== SOURCE INFORMATION ==

(* A possibly vertical separating hyperplane ([al = 0]) is tilted by the
   fixed affine minorant [(ys0, y1, c0)] until it becomes non-vertical. *)
Lemma minorant_of_vertical l y0 al ys0 y1 c0 : dual_elt l -> 0 <= al ->
  separating h x z t l y0 al -> affine_minorant h ys0 y1 c0 ->
  exists ys y c, affine_minorant h ys y c /\ t < ys x + z y - c.
Proof.
move=> dl al_ge0 sep [dys0 m0].
pose A0 := ys0 x + z y1 - c0.
pose mu := Num.max 0 (t - A0) + 1.
have mu_ge : 0 <= Num.max 0 (t - A0) /\ t - A0 <= Num.max 0 (t - A0).
  by rewrite !le_max !lexx orbT.
have mu_gt0 : 0 < mu by rewrite /mu; lra.
pose D := 1 + mu * al.
have D_gt0 : 0 < D by rewrite /D; have := mulr_ge0 (ltW mu_gt0) al_ge0; lra.
have D_neq0 : D != 0 by rewrite gt_eqF.
pose ys u := D^-1 * ys0 u + (- (D^-1 * mu)) * l u.
pose y := D^-1 *: (y1 - mu *: y0).
pose c := D^-1 * (c0 - mu * al * t - mu - mu * l x - mu * z y0).
have yE us : dual_elt us -> us y = D^-1 * (us y1 - mu * us y0).
  by move=> dus; rewrite /y (dual_eltZ dus) (dual_eltB dus) (dual_eltZ dus).
exists ys, y, c; split; last first.
  rewrite (yE _ dz) -(ltr_pM2l D_gt0).
  have -> : D * (ys x + D^-1 * (z y1 - mu * z y0) - c) = A0 + mu * al * t + mu.
    by rewrite /ys /c /A0; field.
  have -> : D * t = t + mu * al * t by rewrite /D; ring.
  have : t - A0 < mu by rewrite /mu; lra.
  lra.
split=> [|u us dus]; first exact: dual_elt_comb.
apply: le_ereal_of_upper (h_proper u dus) _ => r hr.
have := sep u us r dus hr; rewrite (dual_eltB dl) => H.
have := le_trans (m0 u us dus) hr; rewrite lee_fin => H0.
rewrite (yE _ dus) -(ler_pM2l D_gt0).
have -> : D * (ys u + D^-1 * (us y1 - mu * us y0) - c) =
   (ys0 u + us y1 - c0) + mu * (al * t + 1 - l u + l x - us y0 + z y0).
  by rewrite /ys /c; field.
have -> : D * r = r + mu * (al * r) by rewrite /D; ring.
by have : mu * (al * t + 1 - l u + l x - us y0 + z y0) <= mu * (al * r);
  [apply: ler_wpM2l; [exact: ltW | lra] | lra].
Qed.
Definition tax_optimal {R : realType} {N : nat} (pi0 pi1 gam : 'I_N -> R) (tau : R)
  (i : 'I_N) (q a : R) : Prop :=
  0 <= q /\ 0 <= a /\
  forall q' a', 0 <= q' -> 0 <= a' ->
    tax_obj pi0 pi1 gam tau i q' a' <= tax_obj pi0 pi1 gam tau i q a.

Definition mar_obj {R : realType} {N : nat} (pi0 pi1 gam : 'I_N -> R) (lambda P : R)
  (i : 'I_N) (q a d : R) : R :=
  raw_wealth pi0 pi1 i q - green_cost gam i q a - d * P
  - lambda * Num.max (emission q a - d) 0.

Definition mar_optimal {R : realType} {N : nat} (pi0 pi1 gam : 'I_N -> R) (lambda P : R)
  (i : 'I_N) (q a d : R) : Prop :=
  0 <= q /\ 0 <= a /\ 0 <= d /\
  forall q' a' d', 0 <= q' -> 0 <= a' -> 0 <= d' ->
    mar_obj pi0 pi1 gam lambda P i q' a' d' <= mar_obj pi0 pi1 gam lambda P i q a d.

Definition demand {R : realType} {N : nat} (pi0 pi1 gam : 'I_N -> R)
  (i : 'I_N) (P : R) : R := Ebau pi0 pi1 i - P * rho pi1 gam i.

Definition intermediary_price {R : realType} {N : nat} (pi0 pi1 gam : 'I_N -> R)
  (lambda S : R) (i : 'I_N) (P : R) : Prop :=
  S <= P <= lambda /\
  forall P', S <= P' <= lambda ->
    demand pi0 pi1 gam i P' * (P' - S) <= demand pi0 pi1 gam i P * (P - S).

Definition clears_market {R : realType} {N : nat} (pi0 pi1 gam : 'I_N -> R)
  (lambda A S : R) : Prop :=
  exists Pv : 'I_N -> R,
    (forall i, intermediary_price pi0 pi1 gam lambda S i (Pv i)) /\
    \sum_(i < N) demand pi0 pi1 gam i (Pv i) = A.

Definition equilibrium_spot {R : realType} {N : nat} (pi0 pi1 gam : 'I_N -> R)
  (lambda A S : R) : Prop :=
  clears_market pi0 pi1 gam lambda A S /\
  forall S', clears_market pi0 pi1 gam lambda A S' -> S' = S.

From Pilot Require Import Defs.
From mathcomp Require Import all_boot all_order all_algebra.
From mathcomp Require Import all_classical all_reals all_analysis.
From mathcomp Require Import lra ring.
Set Implicit Arguments. Unset Strict Implicit. Unset Printing Implicit Defensive.
Import Order.TTheory GRing.Theory Num.Theory.
Local Open Scope ring_scope.

(* A company facing a carbon price p, whether a tax or the price charged by
   its intermediary, ends up emitting demand_i p = E^bau_i - p rho_i, and its
   wealth plus the price paid for these emissions is
   welfare_i e = pi0_i^2 / (2 pi1_i) - (E^bau_i - e)^2 / (2 rho_i).
   All payments between companies, intermediaries and regulator cancel in the
   GDP, so both GDPs are sums of welfare_i over the emissions.  A uniform tax
   spreads the abatement E^bau - A efficiently, at total cost
   (E^bau - A)^2 / (2 rho); each intermediary instead charges its monopoly
   price (E^bau_i / rho_i + S) / 2, and the resulting misallocation costs
   sum_i (E_i - A rho_i / rho)^2 / (2 rho_i) = - D / 2 on top.  Subtracting
   the intermediaries' margins sum_i E_i^2 / rho_i gives the second identity. *)

Lemma sum_sqr_div_decomp (F : fieldType) (I : finType) (y r : I -> F) :
  (forall i, r i != 0) ->
  \sum_i y i ^+ 2 / r i = (\sum_i y i) ^+ 2 / \sum_i r i
    + \sum_i (y i - (\sum_j y j) / (\sum_j r j) * r i) ^+ 2 / r i.
Proof.
move=> r_neq0; set Y := \sum_j y j; set rs := \sum_j r j; set k := Y / rs.
have expand i :
    (y i - k * r i) ^+ 2 / r i = y i ^+ 2 / r i - 2 * k * y i + k ^+ 2 * r i.
  by field; exact: r_neq0.
rewrite (eq_bigr _ (fun i _ => expand i)) big_split sumrB /= -!mulr_sumr -/Y -/rs.
have [rs0|rs_neq0] := eqVneq rs 0.
  by rewrite /k rs0 invr0 !(mulr0, mul0r) subr0 !(add0r, addr0).
by rewrite /k; field.
Qed.

Lemma sqr_sum_div_le (F : realFieldType) (I : finType) (y r : I -> F) :
  (forall i, 0 < r i) -> (\sum_i y i) ^+ 2 / \sum_i r i <= \sum_i y i ^+ 2 / r i.
Proof.
move=> r_gt0; rewrite (sum_sqr_div_decomp y (fun i => lt0r_neq0 (r_gt0 i))) lerDl.
by apply: sumr_ge0 => i _; rewrite divr_ge0 ?sqr_ge0 ?ltW.
Qed.

Lemma half_mul_sqr_ge0 (F : realFieldType) (c x : F) : 0 < c -> 0 <= c / 2 * x ^+ 2.
Proof. by move=> c_gt0; rewrite mulr_ge0 ?sqr_ge0 ?divr_ge0 ?ltW. Qed.

Lemma half_mul_sqr_eq0 (F : realFieldType) (c x : F) :
  0 < c -> (c / 2 * x ^+ 2 == 0) = (x == 0).
Proof. by move=> c_gt0; rewrite mulf_eq0 sqrf_eq0 mulf_eq0 invr_eq0 pnatr_eq0 gt_eqF. Qed.

Definition welfare {R : realType} {N : nat} (pi0 pi1 gam : 'I_N -> R)
  (i : 'I_N) (e : R) : R :=
  pi0 i ^+ 2 / (2 * pi1 i) - (Ebau pi0 pi1 i - e) ^+ 2 / (2 * rho pi1 gam i).

Definition monopoly_price {R : realType} {N : nat} (pi0 pi1 gam : 'I_N -> R)
  (S : R) (i : 'I_N) : R :=
  (Ebau pi0 pi1 i / rho pi1 gam i + S) / 2.

Definition clearing_spot {R : realType} {N : nat} (pi0 pi1 gam : 'I_N -> R)
  (A : R) : R :=
  (Ebau_tot pi0 pi1 - 2 * A) / rho_tot pi1 gam.

Section Economy.
Context {R : realType} {N : nat} { pi0 pi1 gam : 'I_N -> R }.
Hypotheses (pi1_gt0 : forall i, 0 < pi1 i) (gam_gt0 : forall i, 0 < gam i).

Local Notation Ebau := (Ebau pi0 pi1).
Local Notation rho := (rho pi1 gam).
Local Notation Ebau_tot := (Ebau_tot pi0 pi1).
Local Notation rho_tot := (rho_tot pi1 gam).
Local Notation demand := (demand pi0 pi1 gam).
Local Notation tax_obj := (tax_obj pi0 pi1 gam).
Local Notation tax_optimal := (tax_optimal pi0 pi1 gam).
Local Notation mar_obj := (mar_obj pi0 pi1 gam).
Local Notation mar_optimal := (mar_optimal pi0 pi1 gam).
Local Notation welfare := (welfare pi0 pi1 gam).
Local Notation monopoly_price := (monopoly_price pi0 pi1 gam).
Local Notation clearing_spot := (clearing_spot pi0 pi1 gam).

Lemma rho_gt0 i : 0 < rho i.
Proof. by rewrite addr_gt0 ?invr_gt0. Qed.

Lemma rho_tot_gt0 : (0 < N)%N -> 0 < rho_tot.
Proof.
move=> N_gt0; rewrite /Defs.rho_tot (bigD1 (Ordinal N_gt0)) //=.
apply: lt_le_trans (rho_gt0 (Ordinal N_gt0)) _; rewrite lerDl sumr_ge0 // => i _.
exact/ltW/rho_gt0.
Qed.

Lemma tax_objE (p : R) i (q a : R) : tax_obj p i q a =
  welfare i (demand i p) - p * demand i p
  - (pi1 i / 2 * (q - (pi0 i - p) / pi1 i) ^+ 2
     + gam i / 2 * (q - emission q a - p / gam i) ^+ 2).
Proof.
rewrite /tax_obj /raw_wealth /green_cost /emission /welfare /demand /Defs.Ebau /Defs.rho.
by field; rewrite !lt0r_neq0 ?addr_gt0.
Qed.

Lemma tax_obj_le (p : R) i (q a : R) :
  tax_obj p i q a <= welfare i (demand i p) - p * demand i p.
Proof. by rewrite tax_objE gerBl addr_ge0 ?half_mul_sqr_ge0. Qed.

Lemma tax_obj_max_emission (p : R) i (q a : R) :
  welfare i (demand i p) - p * demand i p <= tax_obj p i q a ->
  emission q a = demand i p.
Proof.
rewrite tax_objE lerBrDl gerDr => gaps_le0.
have /eqP : pi1 i / 2 * (q - (pi0 i - p) / pi1 i) ^+ 2
    + gam i / 2 * (q - emission q a - p / gam i) ^+ 2 = 0.
  by apply/le_anti; rewrite gaps_le0 addr_ge0 ?half_mul_sqr_ge0.
rewrite paddr_eq0 ?half_mul_sqr_ge0 // !half_mul_sqr_eq0 // !subr_eq0.
case/andP=> /eqP q_eq /eqP e_eq.
rewrite -[emission q a](addrNK q) -opprB e_eq q_eq /demand /Defs.Ebau /Defs.rho.
by field; rewrite !lt0r_neq0.
Qed.

Lemma tax_obj_max_attained (p : R) i : 0 <= p -> p * rho i < Ebau i ->
  exists q a, [/\ 0 <= q, 0 <= a &
    tax_obj p i q a = welfare i (demand i p) - p * demand i p].
Proof.
move=> p_ge0 lt_Ebau; set e := demand i p; set q := (pi0 i - p) / pi1 i.
have e_gt0 : 0 < e by rewrite subr_gt0.
have q_sub_e : q - e = p / gam i.
  by rewrite /q /e /demand /Defs.Ebau /Defs.rho; field; rewrite !lt0r_neq0.
have e_le_q : e <= q by rewrite -subr_ge0 q_sub_e divr_ge0 // ltW.
have q_gt0 : 0 < q := lt_le_trans e_gt0 e_le_q.
have emission_e : emission q (ln (q / e)) = e.
  have qe_pos : q / e \in Num.pos by rewrite posrE divr_gt0.
  by rewrite /emission expRN lnK // invf_div divfK // lt0r_neq0.
exists q, (ln (q / e)); split; first exact: ltW.
  by rewrite ln_ge0 // ler_pdivlMr // mul1r.
by rewrite tax_objE emission_e q_sub_e !subrr expr0n /= !mulr0 addr0 subr0.
Qed.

===

Output each line exactly, from the first line of the data down to the line that contains "pose c := D^-1", both included.

**WRITTEN SOLUTION:**
(* A possibly vertical separating hyperplane ([al = 0]) is tilted by the
   fixed affine minorant [(ys0, y1, c0)] until it becomes non-vertical. *)
Lemma minorant_of_vertical l y0 al ys0 y1 c0 : dual_elt l -> 0 <= al ->
  separating h x z t l y0 al -> affine_minorant h ys0 y1 c0 ->
  exists ys y c, affine_minorant h ys y c /\ t < ys x + z y - c.
Proof.
move=> dl al_ge0 sep [dys0 m0].
pose A0 := ys0 x + z y1 - c0.
pose mu := Num.max 0 (t - A0) + 1.
have mu_ge : 0 <= Num.max 0 (t - A0) /\ t - A0 <= Num.max 0 (t - A0).
  by rewrite !le_max !lexx orbT.
have mu_gt0 : 0 < mu by rewrite /mu; lra.
pose D := 1 + mu * al.
have D_gt0 : 0 < D by rewrite /D; have := mulr_ge0 (ltW mu_gt0) al_ge0; lra.
have D_neq0 : D != 0 by rewrite gt_eqF.
pose ys u := D^-1 * ys0 u + (- (D^-1 * mu)) * l u.
pose y := D^-1 *: (y1 - mu *: y0).
pose c := D^-1 * (c0 - mu * al * t - mu - mu * l x - mu * z y0).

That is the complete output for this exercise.